准备好vma(kmem_cache_alloc), 开始调用真正的error = call_mmap(file, vma);
这里，我们发现，vma是一个链表啊（我知），vma是在真正用的时候才产出，省地儿
那，请问vma都啥时候alloc呢(>不多，三四个地<)

先研究error = call_mmap(file, vma);也就是没个file对应的 file->f_op->mmap(file, vma);
这个实现就得往驱动里面看了。

接下来分三个不同的mmap方式介绍一下

看GEM通用处理

#define DEFINE_DRM_GEM_FOPS(name) \
	static const struct file_operations name = {\
		.owner		= THIS_MODULE,\
		.open		= drm_open,\
		.release	= drm_release,\
		.unlocked_ioctl	= drm_ioctl,\
		.compat_ioctl	= drm_compat_ioctl,\
		.poll		= drm_poll,\
		.read		= drm_read,\
		.llseek		= noop_llseek,\
		.mmap		= drm_gem_mmap,\
	}

int drm_gem_mmap(struct file *filp, struct vm_area_struct *vma)
{
	struct drm_file *priv = filp->private_data;
	struct drm_device *dev = priv->minor->dev;
	struct drm_gem_object *obj = NULL;
	struct drm_vma_offset_node *node;
	int ret;

	if (drm_dev_is_unplugged(dev))
		return -ENODEV;

	drm_vma_offset_lock_lookup(dev->vma_offset_manager); // 设备地址管理的总体rw锁
	node = drm_vma_offset_exact_lookup_locked(dev->vma_offset_manager,
						  vma->vm_pgoff,
						  vma_pages(vma));
	if (likely(node)) {// 通过pgoff和vmasize找到node
		obj = container_of(node, struct drm_gem_object, vma_node);
		//知道node， 通过地址索引反推gemobj
		/*
		 * When the object is being freed, after it hits 0-refcnt it
		 * proceeds to tear down the object.

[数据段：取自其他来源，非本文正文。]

(* Let $A\in\mathbb{C}^{n\times n}$ and $r\in\mathbb{R}$. Then the vertically projected Davis-Wielandt shell $\mathcal{W}_{\ge r}(A)$ is compact and convex.
   Context: The Davis-Wielandt shell of $A$ is $\mathcal{DW}(A)=\{(\mathrm{Re}\,x^*Ax,\ \mathrm{Im}\,x^*Ax,\ \|Ax\|^2): x\in\mathbb{C}^n,\|x\|=1\}\subset\mathbb{R}^3$. For $r\in\mathbb{R}$, the vertically projected DW-shell is $\mathcal{W}_{\ge r}(A)=\{(p,q)\in\mathbb{R}^2: (p,q,h^2)\in\mathcal{DW}(A)\text{ for some } h\ge r\}$ (it is empty when $r$ exceeds the largest singular value of $A$). *)

From HB Require Import structures.
From mathcomp Require Import all_boot all_order all_algebra.
From mathcomp Require Import complex.
From mathcomp Require Import all_classical all_reals all_analysis.

Set Implicit Arguments.
Unset Strict Implicit.
Unset Printing Implicit Defensive.

Import Order.TTheory GRing.Theory Num.Theory.
Import numFieldNormedType.Exports.
Local Open Scope ring_scope.
Local Open Scope classical_set_scope.

Definition cvnorm (R : realType) (n : nat) (x : 'cV[R[i]]_n) : R :=
  Num.sqrt (\sum_(i < n) (complex.Re (x i ord0) ^+ 2 + complex.Im (x i ord0) ^+ 2)).

Definition qform (R : realType) (n : nat) (A : 'M[R[i]]_n) (x : 'cV[R[i]]_n)
  : R[i] :=
  ((map_mx (@conjc R) x)^T *m A *m x) ord0 ord0.

Definition DW (R : realType) (n : nat) (A : 'M[R[i]]_n) : set (R * R * R) :=
  [set t | exists x : 'cV[R[i]]_n, cvnorm x = 1 /\
     t = (complex.Re (qform A x), complex.Im (qform A x), cvnorm (A *m x) ^+ 2)].
(* Let $\mathcal B$ be a nonempty collection of $\mu$-measurable subsets of $2^\omega$ such that for every $B\in\mathcal B$, every clopen $D\subseteq2^\omega$ and every finite binary sequence $t$ with $N_t\cap D=\emptyset$, the set $D\cup t^\frown B$ belongs to $\mathcal B$. Then for every measurable $A\subseteq2^\omega$ and every $\varepsilon>0$ there is $B\in\mathcal B$ with $\mu(A\triangle B)<\varepsilon$; i.e. $\{[B]:B\in\mathcal B\}$ is topologically dense in $\mathrm{MALG}$.
   Context: $2^\omega$ is the Cantor space; $N_t=\{x:t\subset x\}$; $t^\frown B=\{t^\frown x: x\in B\}$ (concatenation). $\mu$ is the coin-tossing measure with $\mu(N_t)=2^{-\mathrm{lh}(t)}$. $\mathrm{MALG}$ is the measure algebra (measurable sets modulo null sets) with metric $\delta([A],[B])=\mu(A\triangle B)$. *)

From Stdlib Require Import Reals Lra Lia List ClassicalEpsilon.
Open Scope R_scope.

Definition cantor := nat -> bool.
Definition fseq := list bool.

Definition cyl (t : fseq) (x : cantor) : Prop :=
  forall i, (i < length t)%nat -> x i = nth i t false.

Definition concat (t : fseq) (x : cantor) : cantor :=
  fun n => if Nat.ltb n (length t) then nth n t false else x (n - length t)%nat.

Definition concat_set (t : fseq) (B : cantor -> Prop) (y : cantor) : Prop :=
  exists x, B x /\ forall n, y n = concat t x n.

Definition is_open (D : cantor -> Prop) : Prop :=
  forall x, D x -> exists n : nat,
    forall y, (forall i, (i < n)%nat -> y i = x i) -> D y.
Definition is_closed (D : cantor -> Prop) : Prop :=
  is_open (fun x => ~ D x).
Definition clopen (D : cantor -> Prop) : Prop := is_open D /\ is_closed D.

Definition symdiff (A B : cantor -> Prop) (x : cantor) : Prop :=
  (A x /\ ~ B x) \/ (B x /\ ~ A x).

(* mu(N_t) = 2^{-lh(t)} *)
Definition weight (t : fseq) : R := (/ 2) ^ length t.

Definition covers (c : nat -> fseq) (A : cantor -> Prop) : Prop :=
  forall x, A x -> exists k, cyl (c k) x.

Definition cover_sum (A : cantor -> Prop) (r : R) : Prop :=
  exists c, covers c A /\ infinite_sum (fun k => weight (c k)) r.
Lemma blocks_diag_block_toeplitz (t : 'I_d.+1 -> int -> C) M :
  blocks_diag M -> (forall r, blk_slice M r = toep (t r)) ->
  block_toeplitz_with (fun k => diag_mx (\row_r t r k)) M.
Proof.
move=> Md Mt p q r s; rewrite !mxE; case: (eqVneq r s) => [<- | rs].
  by have := congr1 (fun N : 'M_n.+1 => N p q) (Mt r); rewrite !mxE.
by rewrite Md.
Qed.

Lemma toeplitz_inP M :
  toeplitz_in D M <-> blocks_diag M /\ forall r, toeplitz (blk_slice M r).
Proof.
split=> [[T [TD TM]] | [Md Mt]].
  split; first exact: block_toeplitz_blocks_diag TD TM.
  by move=> r; exists (fun k => T k r r); apply: block_toeplitz_slice.
have [t Mt'] := fin_all_exists Mt.
exists (fun k => diag_mx (\row_r t r k)); split; first by move=> j _; apply: diag_mx_is_diag.
exact: blocks_diag_block_toeplitz.
Qed.

Lemma F_setP a b M : F_set D (diag_mx a) (diag_mx b) M <->
  blocks_diag M /\ forall r, in_F (a 0 r) (b 0 r) (blk_slice M r).
Proof.
split=> [[T [TD [TM TF]]] | [Md MF]].
  split; first exact: block_toeplitz_blocks_diag TD TM.
  move=> r; exists (fun k => T k r r); split; first exact: block_toeplitz_slice.
  move=> j /andP[j0 jn]; have := congr1 (fun X : 'M[C]_d.+1 => X r r) (TF j _).
  by rewrite !mul_diag_mx !mxE; apply; apply/andP; split; lia.
have [t Mt] := fin_all_exists MF.
exists (fun k => diag_mx (\row_r t r k)); split; first by move=> j _; apply: diag_mx_is_diag.
split; first by apply: blocks_diag_block_toeplitz => // r; case: (Mt r).
move=> j /andP[j0 jn]; apply/matrixP => r s; rewrite !mul_diag_mx !mxE !mulrnAr.
by congr (_ *+ _); case: (Mt r) => _; apply; apply/andP; split; lia.
Qed.

Lemma F_set_algebra a b : (forall r, (a 0 r != 0) || (b 0 r != 0)) ->
  algebra_in (toeplitz_in (n:=n.+1) D) (F_set (n:=n.+1) D (diag_mx a) (diag_mx b)).
Proof.
move=> ab_nz; split; [|split; [|split]].
- by move=> M [T [TD [TM _]]]; exists T.
- exists (fun=> 0); split; first by move=> j _; apply: mx0_is_diag.
  by split=> [p q r s | j _]; rewrite ?mxE ?mulmx0.
- move=> c X Y [T [TD [TX TF]]] [U [UD [UY UF]]].
  exists (fun j => c *: T j + U j); split; [|split].
  + move=> j j_range; apply/is_diag_mxP => r s rs; rewrite !mxE.
    move/is_diag_mxP: (TD j j_range) => -> //; move/is_diag_mxP: (UD j j_range) => -> //.
    by rewrite mulr0 addr0.
  + by move=> p q r s; rewrite !mxE TX UY.
  + by move=> j j_range; rewrite !mulmxDr -!scalemxAr TF // UF.
- move=> X Y /F_setP[Xd XF] /F_setP[Yd YF]; apply/F_setP.
  split; first exact: blocks_diag_mul.
  by move=> r; rewrite blk_slice_mul //; apply: in_F_mul.
Qed.

Lemma mul_closed_toeplitz_in_sub_F (Al : 'M[C]_(n.+1 * d.+1) -> Prop) :
  (forall X, Al X -> toeplitz_in D X) -> (forall X Y, Al X -> Al Y -> Al (X *m Y)) ->
  exists a b, (forall r, (a 0 r != 0) || (b 0 r != 0)) /\
    forall X, Al X -> F_set D (diag_mx a) (diag_mx b) X.
Proof.
move=> Al_sub Al_mul.
have slice_sub_F r : exists ab : C * C, ((ab.1 != 0) || (ab.2 != 0)) /\
    forall X, Al X -> in_F ab.1 ab.2 (blk_slice X r).
  have [| |a [b [ab_nz abF]]] :=
    mul_closed_toeplitz_sub_F (S := fun N => exists2 X, Al X & N = blk_slice X r).
  - by move=> _ [X AlX ->]; case/toeplitz_inP: (Al_sub X AlX).
  - move=> _ _ [X AlX ->] [Y AlY ->].
    have /toeplitz_inP[_ XYt] := Al_sub _ (Al_mul X Y AlX AlY).
    have /toeplitz_inP[Xd _] := Al_sub X AlX.
    by rewrite -blk_slice_mul.
  - by exists (a, b); split => // X AlX; apply: abF; exists X.
have [ab abP] := fin_all_exists slice_sub_F.
exists (\row_r (ab r).1), (\row_r (ab r).2); split=> [r | X AlX].
  by rewrite !mxE; case: (abP r).
apply/F_setP; split; first by case/toeplitz_inP: (Al_sub X AlX).
by move=> r; rewrite !mxE; apply: (abP r).2.
Qed.

End DiagonalBlockToeplitz.

Theorem corollary5p3 (C : numClosedFieldType) (n d : nat)
    (hn : (2 <= n)%N) (hd : (0 < d)%N)
    (Al : 'M[C]_(n * d) -> Prop) :
  maximal_algebra_in (@toeplitz_in C n d (@diag_alg C d)) Al ->
  exists A B : 'M[C]_d, diag_alg A /\ diag_alg B /\
    (forall M, Al M <-> @F_set C n d (@diag_alg C d) A B M).
Proof.
case: n hn Al => [//|n] _ Al; case: d hd Al => [//|d] _ Al.
move=> [[Al_sub [_ [_ Al_mul]]] Al_max].
have [a [b [ab_nz Al_F]]] := mul_closed_toeplitz_in_sub_F Al_sub Al_mul.
exists (diag_mx a), (diag_mx b); split; first exact: diag_mx_is_diag.
split; first exact: diag_mx_is_diag.
move=> M; split; first exact: Al_F.
by apply: (Al_max _ _ Al_F); apply: F_set_algebra.
Qed.
(* Let $C_0$ be a binary linear $[n_0,n_0-r_0]_2 3$ code whose parity-check matrix $H_0=[h_1\cdots h_{n_0}]$ admits a $(3,0)$-partition $\mathcal P_0$ into $p_0$ subsets. Let $\mathcal V_{2m}$ be a binary linear $[n_{2m},n_{2m}-2m]_2 2$ code with parity-check matrix $\mathcal H_{2m}$ admitting a $2$-partition $\mathcal P_{2m}$ into $p_{2m}$ subsets. Let $m\ge2$ with $2^m-1\ge p_0$, choose an indicator assignment with all $\beta_j\in\mathbb{F}_{2^m}^*=\mathbb{F}_{2^m}\setminus\{0\}$, let $$D_4=\begin{bmatrix}0_{r_0}&0_{r_0}\\ W_m&0_m\\ 0_{2m}&\mathcal H_{2m}\end{bmatrix},\qquad H_C=[D_4\ A_3(h_1,\beta_1)\ \cdots\ A_3(h_{n_0},\beta_{n_0})].$$ Then $H_C$ is the parity-check matrix of a binary linear code $C$ of length $n=2^m(n_0+1)+n_{2m}-1$, codimension $r=r_0+3m$ and covering radius $3$. Moreover: $H_C$ admits a $(3,0)$-partition into at most $p_0+p_{2m}+1$ subsets and a $(3,1)$-partition into at most $p_0+p_{2m}+3$ subsets; if $H_0$ (resp. $\mathcal H_{2m}$) has three columns summing to zero lying in three distinct subsets of $\mathcal P_0$ (resp. $\mathcal P_{2m}$), then $H_C$ admits a $(3,1)$-partition into at most $p_0+p_{2m}+1$ subsets; and if every vector of $\mathbb{F}_2^{2m}$ is a sum of $2$ or $3$ columns of $\mathcal H_{2m}$, then the trivial partition of $H_C$ (into singletons) is a $(3,2)$-partition, i.e. $C$ is a $(3,2)$-object.
   Context: Covering radius of a binary linear code with $r\times n$ parity-check matrix $H$: smallest $R$ such that every vector of $\mathbb{F}_2^r$ is a sum of at most $R$ columns of $H$. $[n,n-r]_2R$: length $n$, codimension $r$, covering radius $R$. For $0\le\ell\le R$, an $(R,\ell)$-partition of $H$ is a partition of its columns into nonempty subsets such that every vector of $\mathbb{F}_2^r$ (including zero) is the sum of at least $\ell$ and at most $R$ columns lying in pairwise distinct subsets (zero = empty sum when $\ell=0$); a code is an $(R,\ell)$-object if a parity-check matrix admits an $(R,\ell)$-partition. A $2$-partition means a $(2,0)$-partition. Construction notation: identify $\mathbb{F}_2^m$ with $\mathbb{F}_{2^m}$ via a fixed basis. For $h\in\mathbb{F}_2^{r_0}$ and $\beta\in\mathbb{F}_{2^m}$, $A_3(h,\beta)$ is the $(r_0+3m)\times2^m$ matrix with columns $(h,\xi,\beta\xi,\beta^2\xi)^T$, $\xi\in\mathbb{F}_{2^m}$. $W_m$ is the $m\times(2^m-1)$ matrix of all nonzero vectors of $\mathbb{F}_2^m$; $0_v$ denotes a zero block with $v$ rows. An indicator assignment for $H_0,\mathcal P_0$ assigns $\beta_j$ to column $h_j$ with $\beta_i\ne\beta_j$ whenever $h_i,h_j$ lie in distinct subsets of $\mathcal P_0$. *)

From HB Require Import structures.
From mathcomp Require Import all_boot all_order all_algebra all_field.
Set Implicit Arguments. Unset Strict Implicit. Unset Printing Implicit Defensive.
Import GRing.Theory.
Local Open Scope ring_scope.

Definition colsum r n (H : 'M['F_2]_(r, n)) (S : {set 'I_n}) : 'cV['F_2]_r :=
  \sum_(j in S) col j H.

Definition covers r n (H : 'M['F_2]_(r, n)) (R : nat) : Prop :=
  forall v : 'cV['F_2]_r, exists S : {set 'I_n}, (#|S| <= R)%N /\ colsum H S = v.

Definition covering_radius r n (H : 'M['F_2]_(r, n)) (R : nat) : Prop :=
  covers H R /\ forall R', covers H R' -> (R <= R')%N.

(* f : 'I_n -> 'I_p encodes a partition of the columns of H into p nonempty
   subsets (column j lies in subset f j); it is an (R,l)-partition if every
   vector is a sum of at least l and at most R columns lying in pairwise
   distinct subsets. *)
Definition RL_partition r n (H : 'M['F_2]_(r, n)) (R l : nat) p (f : 'I_n -> 'I_p)
  : Prop :=
  (forall k : 'I_p, exists j, f j = k) /\
  forall v : 'cV['F_2]_r, exists S : {set 'I_n},
    (l <= #|S| <= R)%N /\ {in S &, injective f} /\ colsum H S = v.

Definition admits_partition_atmost r n (H : 'M['F_2]_(r, n)) (R l k : nat) : Prop :=
  exists p, (p <= k)%N /\ exists f : 'I_n -> 'I_p, RL_partition H R l f.

Definition three_cols_zero r n (H : 'M['F_2]_(r, n)) p (f : 'I_n -> 'I_p) : Prop :=
  exists i j k : 'I_n, [/\ f i != f j, f i != f k, f j != f k &
                           col i H + col j H + col k H = 0].

(* column labels of H_C: nonzero vectors of F_2^m (the columns of W_m),
   columns of H_{2m}, and pairs (j, xi) for the blocks A_3(h_j, beta_j) *)
Definition nzvec m := {w : 'cV['F_2]_m | w != 0}.
Definition HC_index (F : finFieldType) m n2 n0 :=
  ((nzvec m + 'I_n2) + ('I_n0 * F))%type.

Definition HC_col (F : finFieldType) r0 m n0 n2 (phi : F -> 'cV['F_2]_m)
  (H0 : 'M['F_2]_(r0, n0)) (H2 : 'M['F_2]_(m + m, n2)) (beta : 'I_n0 -> F)
  (x : HC_index F m n2 n0) : 'cV['F_2]_(r0 + (m + (m + m))) :=
  match x with
  | inl (inl w) => col_mx 0 (col_mx (val w) 0)
  | inl (inr j) => col_mx 0 (col_mx 0 (col j H2))
  | inr (j, xi) => col_mx (col j H0)
       (col_mx (phi xi) (col_mx (phi (beta j * xi)) (phi (beta j ^+ 2 * xi))))
  end.

(* H_C = [D_4  A_3(h_1,beta_1) ... A_3(h_{n0},beta_{n0})] (columns listed in
   the enumeration order of HC_index) *)
Definition HC (F : finFieldType) r0 m n0 n2 (phi : F -> 'cV['F_2]_m)
  (H0 : 'M['F_2]_(r0, n0)) (H2 : 'M['F_2]_(m + m, n2)) (beta : 'I_n0 -> F)
  : 'M['F_2]_(r0 + (m + (m + m)), #|{: HC_index F m n2 n0}|) :=
  \matrix_(i, j) HC_col phi H0 H2 beta (enum_val j) i 0.

From HB Require Import structures.
From mathcomp Require Import all_boot all_order all_algebra all_field.
From mathcomp Require Import ring zify.
Set Implicit Arguments. Unset Strict Implicit. Unset Printing Implicit Defensive.
Import GRing.Theory.
Local Open Scope ring_scope.

(* Write v = (u, a, b, c) along the row blocks of H_C and cover u by a set S of at
   most three columns h_j of H_0 in distinct classes of P_0.  The columns of the
   blocks A_3(h_j, beta_j), j in S, contribute (sum xi_j, sum beta_j xi_j,
   sum beta_j^2 xi_j) below u; since the beta_j are distinct and nonzero, this
   Vandermonde system absorbs all of (a, b, c) when |S| = 3, absorbs (b, c) when
   |S| = 2 (one column of W_m then supplies a), and absorbs a when |S| = 1 (two
   columns of H_2m then supply (b, c)).  The refinements rest on
   characteristic 2: three distinct nonzero vectors of F_2^m sum to zero, which
   gives a (3,1)-partition once W_m is split into three classes; and a column of
   W_m is a sum of two, a column of A_3(h_j, beta_j) a sum of three other columns
   of the same block, which gives the (3,2) property. *)

Lemma addrr_F2mx r n (A : 'M['F_2]_(r, n)) : A + A = 0.
Proof. by apply/matrixP => i j; rewrite !mxE; case: (A i j) => -[|[|k]] Hk; apply/val_inj. Qed.

Section ColumnSums.
Variables (r n : nat) (H : 'M['F_2]_(r, n)).

Lemma colsum_addcol (T : {set 'I_n}) i :
  exists2 T' : {set 'I_n}, (#|T'| <= #|T|.+1)%N & colsum H T' = colsum H T + col i H.
Proof.
have [iT | iNT] := boolP (i \in T).
  exists (T :\ i); first by rewrite (cardsD1 i T) iT leqW.
  by rewrite /colsum (big_setD1 i iT) /= addrAC addrr_F2mx add0r.
by exists (i |: T); rewrite ?cardsU1 ?iNT // /colsum big_setU1 //= addrC.
Qed.

Lemma admits_partition_covers R l q : admits_partition_atmost H R l q -> covers H R.
Proof. by case=> p [_ [f [_ cov]]] v; have [S [/andP[_ ?] [_ ?]]] := cov v; exists S. Qed.

Lemma covers_rank R : covers H R -> \rank H = r.
Proof.
move=> cov; rewrite -mxrank_tr; apply/eqP; change (row_full H^T).
rewrite -sub1mx; apply/row_subP => i.
have [S [_ eS]] := cov (row i 1%:M)^T.
rewrite -[row i _]trmxK -eS /colsum raddf_sum /=.
by apply: summx_sub => j _; rewrite tr_col row_sub.
Qed.

End ColumnSums.

Lemma covers_usubmx r1 r2 n (H : 'M['F_2]_(r1 + r2, n)) R :
  covers H R -> covers (usubmx H) R.
Proof.
move=> cov v; have [S [cS eS]] := cov (col_mx v 0); exists S; split => //.
have -> : colsum (usubmx H) S = usubmx (colsum H S).
  by rewrite /colsum raddf_sum; apply: eq_bigr => j _; apply/matrixP => i k; rewrite !mxE.
by rewrite eS col_mxKu.
Qed.

Lemma covers_subcols r n n' (H : 'M['F_2]_(r, n)) (H' : 'M['F_2]_(r, n')) R :
  (forall j, col j H' = 0 \/ exists i, col j H' = col i H) -> covers H' R -> covers H R.
Proof.
move=> subH' cov v; have [S' [cS' <-]] := cov v.
suff [T cT eT] : exists2 T : {set 'I_n}, (#|T| <= #|S'|)%N & colsum H T = colsum H' S'.
  by exists T; split=> //; apply: leq_trans cS'.
rewrite -sum1_card /colsum.
elim/big_rec2: _ => [|j w k _ [T cT <-]]; first by exists set0; rewrite ?cards0 ?big_set0.
have [-> | [i ->]] := subH' j; first by exists T; [exact: leqW | rewrite add0r].
have [T' cT' eT'] := colsum_addcol H T i.
by exists T'; [exact: leq_trans cT' _ | rewrite addrC].
Qed.

Lemma sum_col_mx (R : zmodType) (I : Type) (s : seq I) (P : pred I) a b c
    (f : I -> 'M[R]_(a, c)) (g : I -> 'M[R]_(b, c)) :
  \sum_(i <- s | P i) col_mx (f i) (g i) =
  col_mx (\sum_(i <- s | P i) f i) (\sum_(i <- s | P i) g i).
Proof.
by apply: (big_rec3 (fun x y z => x = col_mx y z)) => [|i x y z _ ->];
  rewrite ?col_mx0 ?add_col_mx.
Qed.

Lemma map_uniq_inj_in (T1 T2 : eqType) (f : T1 -> T2) (s : seq T1) :
  uniq (map f s) -> {in s &, injective f}.
Proof.
elim: s => //= x s IHs /andP[fx_s fs_uniq] y z; rewrite !inE.
case/predU1P=> [-> | ys]; case/predU1P=> [-> | zs] //.
- by move=> e; case/negP: fx_s; rewrite e map_f.
- by move=> e; case/negP: fx_s; rewrite -e map_f.
- exact: IHs.
Qed.

Section ColumnFamilies.
Variables (r : nat) (I K : finType) (C : I -> 'cV['F_2]_r) (cls : I -> K).

Definition mx_of_cols : 'M['F_2]_(r, #|I|) := \matrix_(i, j) C (enum_val j) i 0.

Definition distinct_sum (k : nat) (v : 'cV['F_2]_r) : Prop :=
  exists S : {set I}, [/\ #|S| = k, {in S &, injective cls} & \sum_(x in S) C x = v].

Definition covers_distinct (R l : nat) : Prop :=
  forall v, exists2 k, (l <= k <= R)%N & distinct_sum k v.

Lemma col_mx_of_cols j : col j mx_of_cols = C (enum_val j).
Proof. by apply/matrixP => i k; rewrite !mxE (ord1 k). Qed.

Lemma RL_partition_mx_of_cols R l (f : 'I_#|I| -> 'I_#|K|) :
  (forall j, f j = enum_rank (cls (enum_val j))) -> (forall c, exists x, cls x = c) ->
  covers_distinct R l -> RL_partition mx_of_cols R l f.
Proof.
move=> fE cls_surj cov; split=> [c | v].
  have [x xc] := cls_surj (enum_val c).
  by exists (enum_rank x); rewrite fE enum_rankK xc enum_valK.
have [k lkR [S [cS injS eS]]] := cov v.
have rank_inj : {in S &, injective (@enum_rank I)} by move=> x y _ _ /enum_rank_inj.
exists (enum_rank @: S); split; first by rewrite card_in_imset // cS.
split.
  move=> _ _ /imsetP[x xS ->] /imsetP[y yS ->].
  by rewrite !fE !enum_rankK => /enum_rank_inj/injS ->.
rewrite -eS /colsum big_imset //=.
by apply: eq_bigr => x _; rewrite col_mx_of_cols enum_rankK.
Qed.

Lemma admits_partition_mx_of_cols R l q :
  (forall c, exists x, cls x = c) -> covers_distinct R l -> (#|K| <= q)%N ->
  admits_partition_atmost mx_of_cols R l q.
Proof.
move=> cls_surj cov Kq; exists #|K|; split=> //.
by exists (fun j => enum_rank (cls (enum_val j))); apply: RL_partition_mx_of_cols.
Qed.

Lemma distinct_sum_seq (s : seq I) :
  uniq (map cls s) -> distinct_sum (size s) (\sum_(x <- s) C x).
Proof.
move=> cls_uniq; have s_uniq := map_uniq cls_uniq.
exists [set x in s]; split; first by rewrite cardsE; apply/card_uniqP.
  by move=> x y; rewrite !inE; apply: map_uniq_inj_in.
by rewrite (big_uniq _ s_uniq); apply: eq_bigl => x; rewrite inE.
Qed.

Lemma distinct_sum_set (S : {set I}) :
  {in S &, injective cls} -> distinct_sum #|S| (\sum_(x in S) C x).
Proof.
move=> cls_inj; rewrite cardE -big_enum; apply: distinct_sum_seq.
by rewrite map_inj_in_uniq ?enum_uniq // => x y; rewrite !mem_enum; apply: cls_inj.
Qed.

Lemma distinct_sum0 v : distinct_sum 0 v -> v = 0.
Proof. by case=> S [/eqP]; rewrite cards_eq0 => /eqP-> _ <-; rewrite big_set0. Qed.

Lemma covers_distinct1_of_zero_sum R : covers_distinct R 0 ->
  forall k, (0 < k <= R)%N -> distinct_sum k 0 -> covers_distinct R 1.
Proof.
move=> cov k kR zero v; have [-> | v0] := eqVneq v 0; first by exists k.
have [[|k'] k'R sum_v] := cov v; last by exists k'.+1.
by move: v0; rewrite (distinct_sum0 sum_v) eqxx.
Qed.

Lemma distinct_sum1 v : distinct_sum 1 v -> exists x, v = C x.
Proof. by case=> S [/eqP/cards1P[x ->] _ <-]; exists x; rewrite big_set1. Qed.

In the process it will
		 * attempt to remove the VMA offset and so acquire this
		 * mgr->vm_lock.  Therefore if we find an object with a 0-refcnt
		 * that matches our range, we know it is in the process of being
		 * destroyed and will be freed as soon as we release the lock -
		 * so we have to check for the 0-refcnted object and treat it as
		 * invalid.
		 */
		if (!kref_get_unless_zero(&obj->refcount))
			obj = NULL;
	}
	drm_vma_offset_unlock_lookup(dev->vma_offset_manager);

	if (!obj)
		return -EINVAL;

	if (!drm_vma_node_is_allowed(node, priv)) {
		drm_gem_object_put_unlocked(obj);
		return -EACCES;
	}

	if (node->readonly) {
		if (vma->vm_flags & VM_WRITE) {
			drm_gem_object_put_unlocked(obj);
			return -EINVAL;
		}

		vma->vm_flags &= ~VM_MAYWRITE;
	}
//找到GEM obj就map到gem上vma_ops
	ret = drm_gem_mmap_obj(obj, drm_vma_node_size(node) << PAGE_SHIFT,
			       vma);

	drm_gem_object_put_unlocked(obj);

	return ret;
}
EXPORT_SYMBOL(drm_gem_mmap);

int drm_gem_mmap_obj(struct drm_gem_object *obj, unsigned long obj_size,
		     struct vm_area_struct *vma)
{
	struct drm_device *dev = obj->dev;

	/* Check for valid size. */
	if (obj_size < vma->vm_end - vma->vm_start)
		return -EINVAL;

	if (!dev->driver->gem_vm_ops)
		return -EINVAL;

	vma->vm_flags |= VM_IO | VM_PFNMAP | VM_DONTEXPAND | VM_DONTDUMP;// vm属性被reset
	vma->vm_ops = dev->driver->gem_vm_ops; //驱动自己实现的faul。open处理vma
	vma->vm_private_data = obj; //vma的priv存gem
	vma->vm_page_prot = pgprot_writecombine(vm_get_page_prot(vma->vm_flags));
	vma->vm_page_prot = pgprot_decrypted(vma->vm_page_prot);//属性reset

	/* Take a ref for this mapping of the object, so that the fault
	 * handler can dereference the mmap offset's pointer to the object.
	 * This reference is cleaned up by the corresponding vm_close
	 * (which should happen whether the vma was created by this call, or
	 * by a vm_open due to mremap or partial unmap or whatever).
	 */
	drm_gem_object_get(obj);//啥时候put，需要自己找去吧

	return 0;
}
EXPORT_SYMBOL(drm_gem_mmap_obj);


static const struct vm_operations_struct vm_ops = {
	.fault = etnaviv_gem_fault, //处理page fault, 真正上菜的过程shmem, kvmalloc_array（slab）， sgt 的过程， 最后vmf_insert_page(vma, vmf->address, page);
	.open = drm_gem_vm_open,
	.close = drm_gem_vm_close,
};

二看GEM_CMA(contingues memory alloc, 给那些没独立显存玩的)处理(kirin)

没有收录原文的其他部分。